- _Input material_:
(* Let $d_{CC}$ be the CC metric on $H(\mathbb{R})$ induced by the $\ell^1$ norm on $\mathbb{R}^2$, and $|\cdot|_{\sf std}$ the word length on $H(\mathbb{Z})$ with respect to ${\sf std}=\{\pm{\sf e}_1,\pm{\sf e}_2\}$. Fix $(x,y)\in\mathbb{Z}^2$. For $z\ge0$ with $z\in\mathbb{Z}+\epsilon(x,y)$, let $n$ be the unique integer with the same parity as $x+y$ such that $n-2<d_{CC}((x,y,z),{\sf 0})\le n$. Then $|(x,y,z)|_{\sf std}=n$.
   Context: Exponential coordinates on $H(\mathbb{R})$: $(x,y,z)(x',y',z')=(x+x',y+y',z+z'+\tfrac12(xy'-yx'))$, ${\sf 0}=(0,0,0)$. $H(\mathbb{Z})=\{(x,y,z):x,y\in\mathbb{Z},z\in\mathbb{Z}+\epsilon(x,y)\}$ with $\epsilon(x,y)=1/2$ if $x,y$ both odd and $0$ otherwise; ${\sf e}_1=(1,0,0)$, ${\sf e}_2=(0,1,0)$. The CC metric: $d_{CC}({\sf p},{\sf q})$ is the infimum over admissible curves ($\gamma_3'=\tfrac12(\gamma_1\gamma_2'-\gamma_2\gamma_1')$) from ${\sf p}$ to ${\sf q}$ of the $\ell^1$-length of their projection to the $(x,y)$-plane. *)

From Stdlib Require Import Reals ZArith List.
From Coquelicot Require Import Coquelicot.
Open Scope R_scope.

(* Points of H(R) in exponential coordinates (x,y,z). *)
Record H := mkH { hx : R; hy : R; hz : R }.

Definition hmul (p q : H) : H :=
  mkH (hx p + hx q) (hy p + hy q)
      (hz p + hz q + / 2 * (hx p * hy q - hy p * hx q)).

Definition hid : H := mkH 0 0 0.

Definition eps (x y : Z) : R :=
  if (Z.odd x && Z.odd y)%bool then / 2 else 0.

Definition in_HZ (p : H) : Prop :=
  exists (x y k : Z), p = mkH (IZR x) (IZR y) (IZR k + eps x y).

Definition e1 : H := mkH 1 0 0.
Definition e2 : H := mkH 0 1 0.

Definition std (g : H) : Prop :=
  g = e1 \/ g = mkH (-1) 0 0 \/ g = e2 \/ g = mkH 0 (-1) 0.

Definition word_prod (w : list H) : H := fold_right hmul hid w.

Definition word_length_is (g : H) (n : Z) : Prop :=
  (exists w, List.Forall std w /\ word_prod w = g /\ Z.of_nat (length w) = n) /\
  (forall w, List.Forall std w -> word_prod w = g -> (n <= Z.of_nat (length w))%Z).

Definition admissible (g1 g2 g3 d1 d2 : R -> R) : Prop :=
  forall t, 0 <= t <= 1 ->
    is_derive g1 t (d1 t) /\ is_derive g2 t (d2 t) /\
    continuous d1 t /\ continuous d2 t /\
    is_derive g3 t (/ 2 * (g1 t * d2 t - g2 t * d1 t)).

Definition cc_length (p q : H) (L : R) : Prop :=
  exists g1 g2 g3 d1 d2 : R -> R,
    admissible g1 g2 g3 d1 d2 /\
    mkH (g1 0) (g2 0) (g3 0) = p /\ mkH (g1 1) (g2 1) (g3 1) = q /\
    L = RInt (fun t => Rabs (d1 t) + Rabs (d2 t)) 0 1.
(* Let $n \ge 2$ and let $S = s_1, s_2, \ldots, s_m$ be a sequence of messages, each drawn from a fixed set $M$ of $n$ possible messages, which a number of clients want to send to a server (each message of $S$ is held by some client). Suppose there is a dynamic instantaneous compression algorithm which, when applied to $S$, produces an encoding of $B$ bits. Then for every $k \ge 1$ there is a dynamic asymmetric communication protocol for sending $S$ to the server with which the server sends at most $O(n^{1/k}\log n)$ bits to each client (for each message that client sends), and the clients send, in total, at most $kB + 2|S|$ bits.
   Context: A code-tree over the alphabet $M$ is a binary tree in which left edges are labelled $0$, right edges are labelled $1$, and leaves are labelled with elements of $M$; the codeword of a leaf's label is the binary string on the path from the root to that leaf. A dynamic instantaneous (prefix-free) compression algorithm consists of an encoder and a decoder which each maintain a code-tree, initialized and updated by the same deterministic rule depending only on the characters processed so far: the encoder makes a single pass over the input string, and upon reading each character $a$ it writes the codeword of $a$ in its current code-tree and then updates the code-tree; the decoder reads the encoding codeword by codeword, outputs the corresponding character and updates its code-tree in the same way. The encoding of $S$ is the concatenation of the codewords written, and $B$ is its length in bits. In the communication setting, at any time the server knows all messages it has received so far, while each client knows only its own messages and does not observe communication between the server or other clients; the server has no knowledge of the distribution of the messages (this is what ''dynamic'' means for a protocol). The protocol must allow the server to recover every message of $S$. Logarithms are base 2; the $O(\cdot)$ is as $n \to \infty$. *)

From mathcomp Require Import all_boot.
From Stdlib Require Import Reals.

Set Implicit Arguments.
Unset Strict Implicit.
Unset Printing Implicit Defensive.

(* A binary tree: [Node l r] has left edge labelled 0 (false) and right *)
(* edge labelled 1 (true); [CEmpty] marks an absent child (so nodes     *)
(* with fewer than two children are allowed); leaves carry labels in M. *)
Inductive ctree (M : Type) : Type :=
| CEmpty : ctree M
| CLeaf : M -> ctree M
| CNode : ctree M -> ctree M -> ctree M.
Arguments CEmpty {M}.

Fixpoint leaves (M : Type) (t : ctree M) : seq (M * bitseq) :=
  match t with
  | CEmpty => [::]
  | CLeaf a => [:: (a, [::])]
  | CNode l r => [seq (p.1, false :: p.2) | p <- leaves l]
                 ++ [seq (p.1, true :: p.2) | p <- leaves r]
  end.

Definition labels (M : Type) (t : ctree M) : seq M := [seq p.1 | p <- leaves t].

(* the codeword of a (meaningful when a labels exactly one leaf) *)
Definition codeword (M : eqType) (t : ctree M) (a : M) : bitseq :=
  head [::] [seq p.2 | p <- leaves t & p.1 == a].

(* A dynamic instantaneous compression algorithm: the code-tree used   *)
(* after having processed the characters [h] is [A h].                 *)
Definition dyn_code (M : Type) := seq M -> ctree M.

Definition encodable (M : eqType) (A : dyn_code M) (S : seq M) : Prop :=
  forall i a, onth S i = Some a ->
    uniq (labels (A (take i S))) /\ a \in labels (A (take i S)).

Definition enc_length (M : eqType) (A : dyn_code M) (S : seq M) : nat :=
  sumn [seq size (codeword (A (take p.1 S)) p.2) | p <- zip (iota 0 (size S)) S].

(* Messages are sent one after the other; the i-th message S_i, held   *)
(* by client [owner i], is sent through a bit-by-bit interactive       *)
(* exchange between the server and that client.  Clients are named by  *)
(* natural numbers.                                                    *)
(*  - server knowledge: the list of all previous (client, message,      *)
(*    transcript) triples, the identity of the current client, and the  *)
(*    current transcript;                                               *)
(*  - client knowledge: its identity, the list of ITS OWN previous      *)
(*    (message, transcript) pairs, its current message and the current  *)
(*    transcript (it sees nothing of other clients' exchanges);         *)
(*  - whose turn it is to send the next bit (or whether the exchange is *)
(*    over: None) is a function of knowledge common to both parties.   *)
(* The protocol is fixed in advance, independently of S (dynamic: the  *)
(* server knows nothing of the distribution of the messages).          *)
Record protocol (M : Type) := Protocol {
  turn : nat -> seq (M * bitseq) -> bitseq -> option bool; (* Some true: server speaks *)
  srv_bit : seq (nat * M * bitseq) -> nat -> bitseq -> bool;
  cli_bit : nat -> seq (M * bitseq) -> M -> bitseq -> bool;
  srv_out : seq (nat * M * bitseq) -> nat -> bitseq -> M
}.

Definition valid_run (tu : bitseq -> option bool) (sb cb : bitseq -> bool)
    (t : bitseq) : Prop :=
  tu t = None /\
  forall j, j < size t -> exists p : bool,
    tu (take j t) = Some p /\
    nth false t j = (if p then sb (take j t) else cb (take j t)).

Definition server_bits (tu : bitseq -> option bool) (t : bitseq) : nat :=
  count (fun j => tu (take j t) == Some true) (iota 0 (size t)).
Definition client_bits (tu : bitseq -> option bool) (t : bitseq) : nat :=
  count (fun j => tu (take j t) == Some false) (iota 0 (size t)).

Section Run.
Variables (M : eqType) (P : protocol M) (S : seq M) (owner : nat -> nat)
          (ts : seq bitseq).

Definition srv_hist (i : nat) : seq (nat * M * bitseq) :=
  zip (zip (map owner (iota 0 i)) (take i S)) (take i ts).

Definition cli_hist (i : nat) : seq (M * bitseq) :=
  [seq (x.1.2, x.2) | x <- srv_hist i & x.1.1 == owner i].

Definition turn_at (i : nat) : bitseq -> option bool :=
  turn P (owner i) (cli_hist i).

Definition transmits : Prop :=
  size ts = size S /\
  forall i a t, onth S i = Some a -> onth ts i = Some t ->
    valid_run (turn_at i) (srv_bit P (srv_hist i) (owner i))
              (cli_bit P (owner i) (cli_hist i) a) t
    /\ srv_out P (srv_hist i) (owner i) t = a.

Definition total_client_bits : nat :=
  sumn [seq client_bits (turn_at p.1) p.2 | p <- zip (iota 0 (size ts)) ts].
End Run.

Definition log2 (x : R) : R := (ln x / ln 2)%R.

(* The protocol needs a single round per message.  The server knows all
   previous messages, hence the code-tree T the compression algorithm would
   use now.  With c = ceil(log n) and D = ceil(c / k), it sends, for every
   binary word of length at most D, the label of the leaf of T at that word
   (if any) on c + 1 bits: about 2^(D+1) (c + 1) = O(n^(1/k) log n) bits.
   If the client's codeword w has length at most D it finds it in this table
   and answers 1w; the server knows where 1w ends because codewords are
   prefix-free.  Otherwise it answers 0 followed by its c-bit index, and
   c <= kD < k|w|.  Either way the client sends at most k|w| + 2 bits, and
   summing over the messages gives kB + 2|S|. *)

From mathcomp Require Import all_boot.
From Stdlib Require Import Reals Lra.
From mathcomp Require Import zify.
(* Reals rebinds [^], [<=], ... on nat to the Peano versions; restore ssrnat's. *)
Import ssrnat.

Set Implicit Arguments.
Unset Strict Implicit.
Unset Printing Implicit Defensive.

Fixpoint bits_of_nat (c x : nat) : bitseq :=
  if c is c'.+1 then odd x :: bits_of_nat c' x./2 else [::].

Fixpoint nat_of_bits (s : bitseq) : nat :=
  if s is b :: s' then b + 2 * nat_of_bits s' else 0.

Lemma size_bits_of_nat c x : size (bits_of_nat c x) = c.
Proof. by elim: c x => //= c IH x; rewrite IH. Qed.

Lemma bits_of_natK c x : x < 2 ^ c -> nat_of_bits (bits_of_nat c x) = x.
Proof.
elim: c x => [|c IH] x /=; first by case: x.
rewrite expnS => lt_x; rewrite IH; last by lia.
by rewrite -{3}(odd_double_half x) -muln2 mulnC.
Qed.

Fixpoint words (D : nat) : seq bitseq :=
  if D is D'.+1 then [::] :: [seq b :: w | b <- [:: false; true], w <- words D']
  else [:: [::]].

Lemma mem_words D w : (w \in words D) = (size w <= D).
Proof.
elim: D w => [|D IH] [|b w] //=; rewrite inE /= !mem_cat ltnS -IH.
have cons_mem b' s : (b :: w \in [seq b' :: v | v <- s]) = (b == b') && (w \in s).
  by apply/mapP/andP => [[v v_s [-> ->]] | [/eqP -> w_s]]; last exists w.
by rewrite !cons_mem orbF; case: b {cons_mem} => //=; rewrite orbF.
Qed.

Lemma size_words D : (size (words D)).+1 = 2 ^ D.+1.
Proof.
by elim: D => //= D IH; rewrite !size_cat !size_map expnS -IH /= addn0 mulnS mul2n addnn.
Qed.

Lemma flatten_block (X : Type) (f : X -> bitseq) L (s : seq X) i x0 :
  (forall x, size (f x) = L) -> i < size s ->
  take L (drop (i * L) (flatten (map f s))) = f (nth x0 s i).
Proof.
move=> size_f; elim: s i => [|x s IH] [|i] //= lt_i.
  by rewrite drop0 take_size_cat.
by rewrite mulSn addnC -drop_drop drop_size_cat // IH.
Qed.

Lemma count_ltn_iota n m : count (fun j => j < n) (iota 0 (n + m)) = n.
Proof.
rewrite iotaD count_cat (eq_in_count (a2 := predT)) ?count_predT ?size_iota; last first.
  by move=> j; rewrite mem_iota => /andP [_ ->].
rewrite (eq_in_count (a2 := pred0)) ?count_pred0 ?addn0 // => j.
by rewrite mem_iota add0n => /andP [le_j _]; rewrite ltnNge le_j.
Qed.

Lemma zip_iota_mkseq (X : Type) (f : nat -> X) n :
  zip (iota 0 n) (mkseq f n) = [seq (i, f i) | i <- iota 0 n].
Proof. by rewrite /mkseq -{1}(map_id (iota 0 n)) zip_map. Qed.

Lemma sumn_map_le_affine (X : eqType) (f g : X -> nat) k b (s : seq X) :
  (forall x, x \in s -> f x <= k * g x + b) ->
  sumn (map f s) <= k * sumn (map g s) + b * size s.
Proof.
elim: s => [|x s IH] //= le_fg.
have := le_fg x (mem_head x s).
have : sumn (map f s) <= k * sumn (map g s) + b * size s.
  by apply: IH => y y_s; apply: le_fg; rewrite inE y_s orbT.
rewrite mulnDr mulnS; lia.
Qed.

Section CodeTree.
Variable M : eqType.
Implicit Types (T : ctree M) (a : M) (w : bitseq).

Definition leaf_at T w : option M := ohead [seq p.1 | p <- leaves T & p.2 == w].

Lemma leaves_prefix_free T x y p r :
  (x, p) \in leaves T -> (y, p ++ r) \in leaves T -> x = y /\ r = [::].
Proof.
elim: T x y p r => [|b|l IHl rt IHr] x y p r //=.
  by rewrite !mem_seq1 => /eqP [-> ->] /eqP [-> /eqP]; case: r.
rewrite !mem_cat => /orP [] /mapP [[x1 p1] xp1 /= [-> ->]] /orP []
  /mapP [[x2 p2] yp2 /= [-> ]] //= eq_p; subst.
- exact: IHl xp1 yp2.
- exact: IHr xp1 yp2.
Qed.

Lemma leaf_atP T w y : leaf_at T w = Some y -> (y, w) \in leaves T.
Proof.
rewrite /leaf_at; case E: [seq p <- leaves T | p.2 == w] => [|q rest] //= [<-].
have : q \in [seq p <- leaves T | p.2 == w] by rewrite E mem_head.
by rewrite mem_filter => /andP [/eqP <-]; case: q {E}.
Qed.

Lemma mem_leaves_codeword T a : a \in labels T -> (a, codeword T a) \in leaves T.
Proof.
rewrite /codeword /labels; elim: (leaves T) => //= [[b v] l IH].
case: (eqVneq b a) => [->|ne_ba] /=; first by rewrite !mem_head.
rewrite in_cons eq_sym (negbTE ne_ba) => /IH aw_l.
by rewrite in_cons aw_l orbT.
Qed.

Lemma codeword_leaf T a w :
  uniq (labels T) -> (a, w) \in leaves T -> codeword T a = w.
Proof.
rewrite /codeword /labels; elim: (leaves T) => [|[b v] l IH] //= /andP [b_l uniq_l].
rewrite inE => /orP [/eqP [-> ->]|aw_l]; first by rewrite eqxx.
case: eqP => [eq_ba|_]; last exact: IH.
by case/negP: b_l; rewrite eq_ba; apply/mapP; exists (a, w).
Qed.

Variable T : ctree M.
Hypothesis uniq_T : uniq (labels T).

Lemma leaf_at_codeword a : a \in labels T -> leaf_at T (codeword T a) = Some a.
Proof.
move=> a_T; have cw_T := mem_leaves_codeword a_T.
rewrite /leaf_at; case E: [seq p <- leaves T | p.2 == codeword T a] => [|[y v] rest] /=.
  have : (a, codeword T a) \in [seq p <- leaves T | p.2 == codeword T a].
    by rewrite mem_filter eqxx cw_T.
  by rewrite E.
have : (y, v) \in [seq p <- leaves T | p.2 == codeword T a] by rewrite E mem_head.
rewrite mem_filter => /andP [/eqP /= -> yv_T].
have yv_T' : (y, codeword T a ++ [::]) \in leaves T by rewrite cats0.
by have [-> _] := leaves_prefix_free cw_T yv_T'.
Qed.

Lemma leaf_at_codewordP w a : leaf_at T w = Some a -> w = codeword T a.
Proof. by move/leaf_atP/(codeword_leaf uniq_T). Qed.

Lemma leaf_at_take_codeword a m :
  a \in labels T -> m < size (codeword T a) -> leaf_at T (take m (codeword T a)) = None.
Proof.
move=> /mem_leaves_codeword; rewrite -{1}(cat_take_drop m (codeword T a)) => cw_T lt_m.
case E: leaf_at => [y|] //.
have [_ /(congr1 size)] := leaves_prefix_free (leaf_atP E) cw_T.
by rewrite size_drop /=; lia.
Qed.

End CodeTree.

Lemma server_then_client_run (tu : bitseq -> option bool) (sb cb : bitseq -> bool)
    (s r : bitseq) :
  (forall j, j < size s -> tu (take j s) = Some true /\ sb (take j s) = nth false s j) ->
  (forall j, j < size r ->
     tu (s ++ take j r) = Some false /\ cb (s ++ take j r) = nth false r j) ->
  tu (s ++ r) = None ->
  [/\ valid_run tu sb cb (s ++ r), server_bits tu (s ++ r) = size s
    & client_bits tu (s ++ r) = size r].
Proof.
move=> srv_s cli_r end_r.
have turn_sr j : j < size s + size r -> tu (take j (s ++ r)) = Some (j < size s).
  move=> lt_j; rewrite take_cat; case: ltnP => [/srv_s [] //| le_j].
  by have /cli_r [] : j - size s < size r by lia.
have count_turn b : count (fun j => tu (take j (s ++ r)) == Some b) (iota 0 (size (s ++ r)))
                    = count (fun j => (j < size s) == b) (iota 0 (size s + size r)).
  rewrite size_cat; apply: eq_in_count => j; rewrite mem_iota => /andP [_ lt_j].
  by rewrite turn_sr.
split.
- split=> // j; rewrite size_cat => lt_j; exists (j < size s); rewrite turn_sr //.
  rewrite take_cat nth_cat; case: ltnP => [/srv_s [] //| le_j].
  by have /cli_r [] : j - size s < size r by lia.
- by rewrite /server_bits count_turn (eq_count (a2 := fun j => j < size s)) ?count_ltn_iota.
- rewrite /client_bits count_turn (eq_count (a2 := predC (fun j => j < size s))).
    have := count_predC (fun j => j < size s) (iota 0 (size s + size r)).
    by rewrite count_ltn_iota size_iota => /addnI.
  by move=> j /=; case: ltnP.
Qed.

- _Work instruction_:
From the entries, copy every line in which the word "Record" occurs.

- _The completed task_:
Record H := mkH { hx : R; hy : R; hz : R }.
Record protocol (M : Type) := Protocol {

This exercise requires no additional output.